FIG. 5 is the current way production wells are configured in SAGD service and illustrate the problem addressed by the present invention. FIG. 5 shows a producer well W having a top casing 10 that is sealed with cement 12 and an intermediate casing 14 sealed with cement 16. The intermediate casing 14 terminates at 18 and beyond that is open hole 20. A production string 22 has an electric submersible pump (ESP) 24 at its lower end. A slotted liner 26 extends into open hole 20 and is hung at hanger 28. There is a closed end 30 on the slotted liner 26. A guide string 32 extends from the surface 34 and within the slotted liner 26 and well into the open hole 20. An instrument string 36 runs beyond end 38 of the guide string 32. Instrument string 36 is sealed at the lower end 40 and inside of it are instruments and sensors 42 that can detect temperature, pressure or other well conditions. These sensors are protected in the instrument string 36 from the harsh conditions in the open hole portion 20. It is preferred to put the ESP 24 within the intermediate casing 32 rather than in the open hole portion 20 in the event the ESP 24 needs to be removed for any reason.

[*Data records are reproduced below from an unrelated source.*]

Lemma metric_ge0 x y : 0 <= dT x y.
Proof. by have := metric_triangle x y x; rewrite metric_xx (metric_sym y x); lra. Qed.

Lemma metric_gt0 {x y} : x <> y -> 0 < dT x y.
Proof.
move=> xy; rewrite lt_def metric_ge0 andbT; apply/eqP => /(proj1 hdT x y).
exact: xy.
Qed.

Lemma is_metric_restr (P : set T) : is_metric R {z | P z} (restr_dist R dT P).
Proof.
split; [|split] => [x y|x y|x y z]; rewrite /restr_dist.
- by split=> [/(proj1 hdT) /sig_inj|->] //; exact: metric_xx.
- exact: metric_sym.
- exact: metric_triangle.
Qed.

End Metric.

Section Norms.
Context {R : realType} {T : Type} {dT : T -> T -> R}.
Implicit Types f : T -> R.

Lemma sup_norm_ge0 f : 0 <= sup_norm R f.
Proof. by apply: sup_ge0 => _ [x _ <-]. Qed.

Lemma le_sup_norm {f} : is_BL R dT f -> forall x, `|f x| <= sup_norm R f.
Proof.
move=> [[M fM] _] x.
have ubM : ubound [set `|f y| | y in [set: T]] M by move=> _ [y _ <-].
by apply: (ub_le_sup (ex_intro _ M ubM)); exists x.
Qed.

Lemma sup_norm_le {f c} : 0 <= c -> (forall x, `|f x| <= c) -> sup_norm R f <= c.
Proof. by move=> c0 fc; apply: ge0_ge_sup => // _ [x _ <-]. Qed.

Hypothesis hdT : is_metric R T dT.

Lemma lip_const_ge0 f : 0 <= lip_const R dT f.
Proof.
apply: sup_ge0 => _ [x [y [_ ->]]].
by apply: divr_ge0 => //; exact: metric_ge0.
Qed.

Lemma le_lip_const {f} : is_BL R dT f ->
  forall x y, `|f x - f y| <= lip_const R dT f * dT x y.
Proof.
move=> [_ [L fL]] x y; have [<-|xy] := pselect (x = y).
  by rewrite subrr normr0 metric_xx // mulr0.
rewrite -ler_pdivrMr ?metric_gt0 //.
have ubL : ubound [set r | exists x y, x <> y /\ r = `|f x - f y| / dT x y] L.
  by move=> _ [u [v [uv ->]]]; rewrite ler_pdivrMr ?metric_gt0.
by apply: (ub_le_sup (ex_intro _ L ubL)); exists x, y.
Qed.

Lemma lip_const_le {f L} : 0 <= L ->
  (forall x y, `|f x - f y| <= L * dT x y) -> lip_const R dT f <= L.
Proof.
move=> L0 fL; apply: ge0_ge_sup => // _ [x [y [xy ->]]].
by rewrite ler_pdivrMr ?metric_gt0.
Qed.

End Norms.

Lemma normk_le {R : realType} {T T' : Type} (dT : T -> T -> R) (dT' : T' -> T' -> R)
    k (f : T -> R) (g : T' -> R) :
  sup_norm R f <= sup_norm R g -> lip_const R dT f <= lip_const R dT' g ->
  normk R dT k f <= normk R dT' k g.
Proof. by case: k => /= fg Lfg; [exact: le_max2|exact: lerD]. Qed.

Section BallIneq.
Context {R : realType}.

(** The unit ball of [normk] as pointwise inequalities; the [BL] condition is
    [sup |f| + |f|_L <= 1] multiplied out, so that it also makes sense when
    [dT] is only a pseudometric. *)
Definition ball_ineq (k : norm_kind) {T : Type} (dT : T -> T -> R) (f : T -> R) : Prop :=
  (forall x, `|f x| <= 1) /\
  match k with
  | FM => forall x y, `|f x - f y| <= dT x y
  | BL => forall q x y, `|f q| * dT x y + `|f x - f y| <= dT x y
  end.

Lemma ball_ineq_comp {k T T'} {dT : T -> T -> R} (phi : T' -> T) {f : T -> R} :
  ball_ineq k dT f -> ball_ineq k (fun x y => dT (phi x) (phi y)) (f \o phi).
Proof. by case: k => -[f1 f2]; split=> *; [exact: f1|exact: f2|exact: f1|exact: f2]. Qed.

Lemma ball_ineq_eq {k T} {dT : T -> T -> R} {f : T -> R} {x y} :
  ball_ineq k dT f -> dT x y = 0 -> f x = f y.
Proof.
move=> [_ fL] dxy; apply/eqP; rewrite -subr_eq0 -normr_le0.
by case: k fL => fL; [have := fL x y|have := fL x x y]; rewrite dxy ?mulr0 ?add0r.
Qed.

Lemma ball_ineq_cst k {T : Type} (dT : T -> T -> R) (c : R) :
  `|c| <= 1 -> (forall x y, 0 <= dT x y) -> ball_ineq k dT (fun _ => c).
Proof.
move=> c1 d0; case: k; split=> // *; rewrite subrr normr0 ?addr0 //.
exact: ler_piMl.
Qed.

End BallIneq.

Section BallIneqMetric.
Context {R : realType} {T : Type} {dT : T -> T -> R} (hdT : is_metric R T dT).
Implicit Types f : T -> R.

Lemma ball_ineq_ball_k k f : ball_k R dT k f -> ball_ineq k dT f.
Proof.
move=> [fBL fk]; have Lip x y := le_lip_const hdT fBL x y.
have d0 x y := metric_ge0 hdT x y.
case: k fk => /= fk.
  move: fk; rewrite ge_max => /andP[c1 L1]; split=> [x|x y].
    exact: le_trans (le_sup_norm fBL x) c1.
  exact: le_trans (Lip x y) (ler_piMl (d0 x y) L1).
have L0 := lip_const_ge0 hdT f.
split=> [x|q x y]; first by have := le_sup_norm fBL x; lra.
have := ler_wpM2r (d0 x y) (le_sup_norm fBL q).
by have := ler_piMl (d0 x y) fk; have := Lip x y; nra.
Qed.

Lemma BL_norm_le1 f : (forall x, `|f x| <= 1) ->
  (forall q x y, `|f q| * dT x y + `|f x - f y| <= dT x y) ->
  sup_norm R f + lip_const R dT f <= 1.
Proof.
move=> f1 fL; have c1 := sup_norm_le ler01 f1.
suff : lip_const R dT f <= 1 - sup_norm R f by lra.
apply: (lip_const_le hdT) => [|x y]; first by lra.
have [<-|xy] := pselect (x = y); first by rewrite subrr normr0 metric_xx // mulr0.
have dxy := metric_gt0 hdT xy; set r := `|f x - f y| / dT x y.
have rd : r * dT x y = `|f x - f y| by rewrite divfK ?gt_eqF.
have fr q : `|f q| + r <= 1 by rewrite -(ler_pM2r dxy) mulrDl rd mul1r fL.
have : sup_norm R f <= 1 - r.
  by apply: sup_norm_le => [|q]; [have := fr x; have := normr_ge0 (f x)|have := fr q]; lra.
by rewrite -rd ler_pM2r //; lra.
Qed.

Lemma ball_k_ball_ineq k f : ball_ineq k dT f -> ball_k R dT k f.
Proof.
move=> [f1 fL]; have fL1 x y : `|f x - f y| <= dT x y.
  case: k fL => fL; first exact: fL.
  by have := fL x x y; have := normr_ge0 (f x); have := metric_ge0 hdT x y; nra.
split; first by split; [exists 1|exists 1 => x y; rewrite mul1r].
case: k fL => /= fL; last exact: BL_norm_le1.
rewrite ge_max (sup_norm_le ler01 f1) /=.
by apply: (lip_const_le hdT ler01) => x y; rewrite mul1r.
Qed.

Lemma ball_kP k f : ball_k R dT k f <-> ball_ineq k dT f.
Proof. by split; [exact: ball_ineq_ball_k|exact: ball_k_ball_ineq]. Qed.

End BallIneqMetric.



Section Extension.
Context {R : realType} {S : Type} {d : S -> S -> R} (hd : is_metric R S d).
Context {P : set S} {f : {z | P z} -> R} (hf : is_BL R (restr_dist R d P) f).
Local Notation c := (sup_norm R f).
Local Notation L := (lip_const R (restr_dist R d P) f).
Let hrd := is_metric_restr hd P.

Lemma ext0_ubound x : ubound [set f q - L * d (sval q) x | q in [set: {z | P z}]] c.
Proof.
move=> _ [q _ <-]; have := le_sup_norm hf q; have := ler_norm (f q).
by have := mulr_ge0 (lip_const_ge0 hrd f) (metric_ge0 hd (sval q) x); lra.
Qed.

Lemma ext0_le x : ext0 R d P f x <= c.
Proof. exact: ge0_ge_sup (sup_norm_ge0 f) (ext0_ubound x). Qed.

Lemma ext0_lipschitz x y : ext0 R d P f x <= ext0 R d P f y + L * d x y.
Proof.
have Ld := mulr_ge0 (lip_const_ge0 hrd f) (metric_ge0 hd x y).
have [[q0 _]|noP] := pselect (exists q : {z | P z}, True); last first.
  have E0 z : [set f q - L * d (sval q) z | q in [set: {z | P z}]] = set0.
    by apply/seteqP; split=> // r [q _ _]; case: noP; exists q.
  by rewrite /ext0 !E0 sup0 add0r.
apply: ge_sup; first by exists (f q0 - L * d (sval q0) x), q0.
move=> _ [q _ <-].
have : f q - L * d (sval q) y <= ext0 R d P f y.
  by apply: (ub_le_sup (ex_intro _ c (ext0_ubound y))); exists q.
have : L * d (sval q) y <= L * d (sval q) x + L * d x y.
  by rewrite -mulrDr ler_wpM2l ?lip_const_ge0 ?(metric_triangle hd).
lra.
Qed.

Lemma ext_op_restr z : ext_op R d P f (sval z) = f z.
Proof.
have e0 : ext0 R d P f (sval z) = f z.
  apply: sup_eq_max; first by exists z => //; rewrite metric_xx // mulr0 subr0.
  move=> _ [q _ <-]; have := le_lip_const hrd hf q z; rewrite /restr_dist.
  by have := ler_norm (f q - f z); lra.
rewrite /ext_op e0 max_l //.
by have := le_sup_norm hf z; rewrite ler_norml => /andP[].
Qed.

Lemma normr_ext_op x : `|ext_op R d P f x| <= c.
Proof.
rewrite ler_norml /ext_op le_max lexx orbT ge_max ext0_le /=.
by have := sup_norm_ge0 f; lra.
Qed.

Lemma ext_op_lipschitz x y : `|ext_op R d P f x - ext_op R d P f y| <= L * d x y.
Proof.
have side u v : ext_op R d P f u <= ext_op R d P f v + L * d u v.
  have Ld := mulr_ge0 (lip_const_ge0 hrd f) (metric_ge0 hd u v).
  rewrite /ext_op ge_max (le_trans (ext0_lipschitz u v)) ?lerD2r ?le_max ?lexx //=.
  apply: (le_trans (y := Num.max (ext0 R d P f v) (- c))); last by rewrite lerDl.
  by rewrite le_max lexx orbT.
by rewrite ler_norml; have := side x y; have := side y x; rewrite (metric_sym hd y); lra.
Qed.

End Extension.

Lemma ball_ext_op {R : realType} {S : Type} {d : S -> S -> R} (hd : is_metric R S d)
    {P : set S} k (f : {z | P z} -> R) :
  ball_k R (restr_dist R d P) k f -> ball_k R d k (ext_op R d P f).
Proof.
move=> [fBL fk]; have hrd := is_metric_restr hd P.
have Lip := ext_op_lipschitz hd fBL; have c0 := sup_norm_ge0 f.
split.
  by split; [exists (sup_norm R f); exact: normr_ext_op|exists (lip_const R (restr_dist R d P) f)].
apply: le_trans fk; apply: normk_le; first exact: (sup_norm_le c0 (normr_ext_op hd fBL)).
exact: (lip_const_le hd (lip_const_ge0 hrd f) Lip).
Qed.

Section Sampling.
Context {R : realType} {S : Type} {d : S -> S -> R} (hd : is_metric R S d).
Context {n : nat} (a : 'I_n -> R) (s : 'I_n -> S).
Local Notation Q := (range s).
Local Notation rd := (restr_dist R d Q).
Local Notation ds := (fun i j => d (s i) (s j)).

Definition range_pt (j : 'I_n) : {z | Q z} := exist _ (s j) (imageT s j).

Definition range_idx (z : {z | Q z}) : 'I_n := s2val (cid2 (svalP z)).

Lemma s_range_idx z : s (range_idx z) = sval z.
Proof. by rewrite /range_idx; case: cid2. Qed.

Lemma range_pt_idx z : range_pt (range_idx z) = z.
Proof. exact/sig_inj/s_range_idx. Qed.

Definition pairing (v : 'rV[R]_n) : R := \sum_(j < n) a j * v ord0 j.

Lemma continuous_pairing : continuous pairing.
Proof.
apply: continuous_sum => j.
have aj : continuous (fun _ : 'rV[R]_n => a j) by move=> ?; exact: cst_continuous.
have vj : continuous (fun v : 'rV[R]_n => v ord0 j) := @coord_continuous R 1 n ord0 j.
by move=> v; exact: continuousM (aj v) (vj v).
Qed.

Lemma pairing_comb t g h :
  pairing (t *: g + (1 - t) *: h) = t * pairing g + (1 - t) * pairing h.
Proof.
rewrite /pairing !mulr_sumr -big_split; apply: eq_bigr => j _.
by rewrite !mxE /=; ring.
Qed.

Those skilled in the art will appreciate that normally without steam injection, there is no flow in the producer well W. In order to make the tar sands flowable the producer well needs to be heated from the injector well and from steam delivered to the producer well. This is a very slow process that can take months. Once the producer well is at temperature it is full with steam and condensate. If the ESP 24 develops a problem and needs to be removed the well W first had to be killed with water added from the surface 34 before a wellhead (not shown) could be removed so that the ESP 24 could come out. If the wellhead were simply removed and the well W were still live, the condensate in the open hole 20 would experience a pressure reduction and flash to steam and come out at the surface 34 since the wellhead was no longer in position. This would create a very dangerous condition at the surface. The alternative now available is killing the well with fluid before taking off the wellhead so that the flashing of condensate doesn't occur at the surface and possibly injure personnel. The problem with killing the well is that it takes so long to reheat it after it cools and it potentially does not produce as well even after it is put back in service after a months long warm up.
The present invention seeks to provide a way to remove the ESP 24 without having to kill the well W. The downhole equipment is reconfigured to provide a seal between the casing and the slotted liner and another seal between the guide string and the inside of the slotted liner. The guide string features internal seal bores and a ported sub or a sleeve type valve that allows flow to the ESP for production but cuts off flow to the ESP when the concentric string which could hold instruments is moved with respect to its surrounding guide string. With the well isolated below the ESP the production string with the ESP at its lower end can be pulled without killing the well as will be explained in detail below.
U.S. Pat. No. 6,328,111 is relevant to inserting an ESP into a live well that has a single string.